Nejada Dingu il 7 novembre 2017 ha conseguito, con lode, il dottorato presso la SISSA

Nejada Dingu il 7 novembre 2017 ha conseguito il dottorato cum laude presso la Scuola Internazionale Superiore di Studi Avanzati di Trieste, SISSA, con la tesi “Afferent information modulates spinal network activity in vitro and in preclinical animal models” (L’informazione afferente modula l’attività dei circuiti spinali in vitro e in modelli preclinici).

Nejada Dingu riceve le congratulazioni da parte di una delle esaminatrici

Nejada Dingu, che ha conseguito la laurea magistrale in Biotecnologie Sanitarie presso la Facoltà di Medicina dell’Università degli Studi di Udine il 18 aprile 2013 con una tesi sperimentale, interamente svolta nel Laboratorio Spinal, dal titolo “L’attivazione dei circuiti locomotori spinali modula l’eccitabilità del midollo dorsale”, dalla fine di maggio all’inizio di luglio, grazie alle collaborazioni scientifiche che il dott. Taccola ha creato con diversi laboratori in varie parti del mondo, è andata a fare esperienza di ricerca “all’estero” presso il laboratorio del dott. Deumens, all’Università Cattolica di Louvain, l’UCL, in Belgio. Presso quel laboratorio ha lavorato con modelli preclinici al fine di valutare in che modo l’attività del midollo dorsale possa essere regolata in un’ottica di possibili strategie terapeutiche per alleviare il dolore neuropatico. Il soggiorno di studio e ricerca di Nejada è stato interamente sostenuto dalla FAIP.

Rita: Cara Nejada, cominciamo con una breve valutazione del percorso che ti ha portato al dottorato. E’ stato un periodo importante, impegnativo, si è trattato di ben quattro anni. Ne vogliamo parlare prima di raccontare i contenuti e l’emozione della tesi?

Nejada: Innanzitutto vorrei esprimere una sensazione personale: quattro anni sembrano un periodo molto lungo e invece sono volati. Mi sono ritrovata a pensare a questi quattro anni subito dopo aver consegnato la tesi e mi sono stupita che siano passati così velocemente.

R: Evidentemente l’importanza del lavoro ti ha totalmente coinvolta… Come definiresti l’inizio di questo periodo, con un aggettivo, una piccola descrizione per poter trasmettere la bellezza e l’importanza del lavoro di ricerca, del che cosa significa fare ricerca?

N: Hai la possibilità di toccare con mano concetti fino a quel momento solo teorici e capisci come puoi metterli in pratica, e poi l’inizio è sempre stimolante, impegnativo: si imparano cose nuove, sei costantemente bombardata da molte, nuove informazioni che vanno assimilate e messe in pratica al meglio.

R: In che cosa è consistito imparare a fare il lavoro di ricerca?

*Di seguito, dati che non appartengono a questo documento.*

Lemma spiked_support_recovery (R : realType) n (W : 'M[R]_n) (v : 'cV[R]_n)
    (theta gamma d : R) (S T : {set 'I_n}) (e : 'cV[R]_n) (p : nat) :
  W^T = W -> 0 < theta -> 0 < gamma < 1 -> v != 0 ->
  (0 < p)%N -> (p < n)%N -> #|S| = p ->
  (forall X : {set 'I_n}, (0 < #|X|)%N -> (#|X| <= (2 * p).+1)%N ->
    spec_norm_sub W X <= d) ->
  top_sub_eigvec (W + theta *: (v *m v^T)) S e ->
  top_abs_set ((W + theta *: (v *m v^T)) *m e) p.+1 T ->
  8 * d <= theta * gamma * (1 - Num.sqrt gamma) * top_sqr_sum v p.+1 ->
  Num.sqrt (gamma * top_sqr_sum v p) <= normS S v ->
  Num.sqrt (gamma * top_sqr_sum v p.+1) <= normS T v.
Proof.
move=> W_sym theta_gt0 /andP [gamma_gt0 gamma_lt1] v_neq0 p_gt0 p_lt_n card_S
  W_le e_top T_top noise v_S.
have [e1 [_ [[e_supp _ _] _]]] := e_top.
have WUS_le (X : {set 'I_n}) : #|X| = p.+1 -> spec_norm_sub W (X :|: S) <= d.
  move=> card_X; apply: W_le.
    by rewrite (leq_trans _ (subset_leq_card (finset.subsetUl X S))) ?card_X.
  by rewrite (leq_trans (leq_card_setU X S)) // card_X card_S; lia.
have [U card_U v_U] := top_sqr_sum_set v p_lt_n.
have WS_le : spec_norm_sub W S <= d by apply: W_le; rewrite card_S //; lia.
have overlap := top_eigvec_overlap W_sym (ltW theta_gt0) WS_le e_top.
have gap := top_abs_set_overlap (ltW theta_gt0) e_supp e1 T_top card_U
  (WUS_le T T_top.1) (WUS_le U card_U).
have tp_gt0 := top_sqr_sum_gt0 v_neq0 p_gt0.
have tq_gt0 := top_sqr_sum_gt0 v_neq0 (ltn0Sn p).
have tq_le := top_sqr_sum_succ_le v p_gt0.
have v_S2 : gamma * top_sqr_sum v p <= normS S v ^+ 2.
  rewrite -[leLHS]sqr_sqrtr; last by rewrite mulr_ge0 ?ltW.
  by rewrite ler_sqr ?nnegrE ?sqrtr_ge0 ?normS_ge0.
rewrite sqrtrM; last exact: ltW.
apply: (recovery_arith (a := normS S v) (d := d) theta_gt0 _ _
  (normr_ge0 (vdot v e))).
- by rewrite sqrtr_gt0 gamma_gt0 -sqrtr1 ltr_sqrt.
- by rewrite sqrtr_gt0.
- by rewrite (sqr_sqrtr (ltW gamma_gt0)) (sqr_sqrtr (ltW tq_gt0)); nra.
- by rewrite real_normK ?num_real.
- by rewrite -v_U.
- by rewrite (sqr_sqrtr (ltW gamma_gt0)) (sqr_sqrtr (ltW tq_gt0)).
Qed.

Guardare attraverso un microscopio? Studiare le registrazioni al computer? Sono tutte queste cose insieme? Insomma che cosa vuol dire fare ricerca?

N: E’ la combinazione di una serie di componenti. Innanzitutto bisogna acquisire manualità e destrezza: se la preparazione che noi utilizziamo non è funzionante al 100 per 100, quindi non è stata manipolata in un certo modo, l’esperimento non ha un buon esito. Quindi prima di tutto si tratta di acquisire manualità, capire come fare, provare e riprovare. Ovviamente il microscopio si usa, lo adoperiamo tutti i giorni e poi bisogna conoscere bene le tecniche di registrazione perché ogni tecnica è diversa dall’altra e ogni tecnica ti permette di ricavare informazioni diverse.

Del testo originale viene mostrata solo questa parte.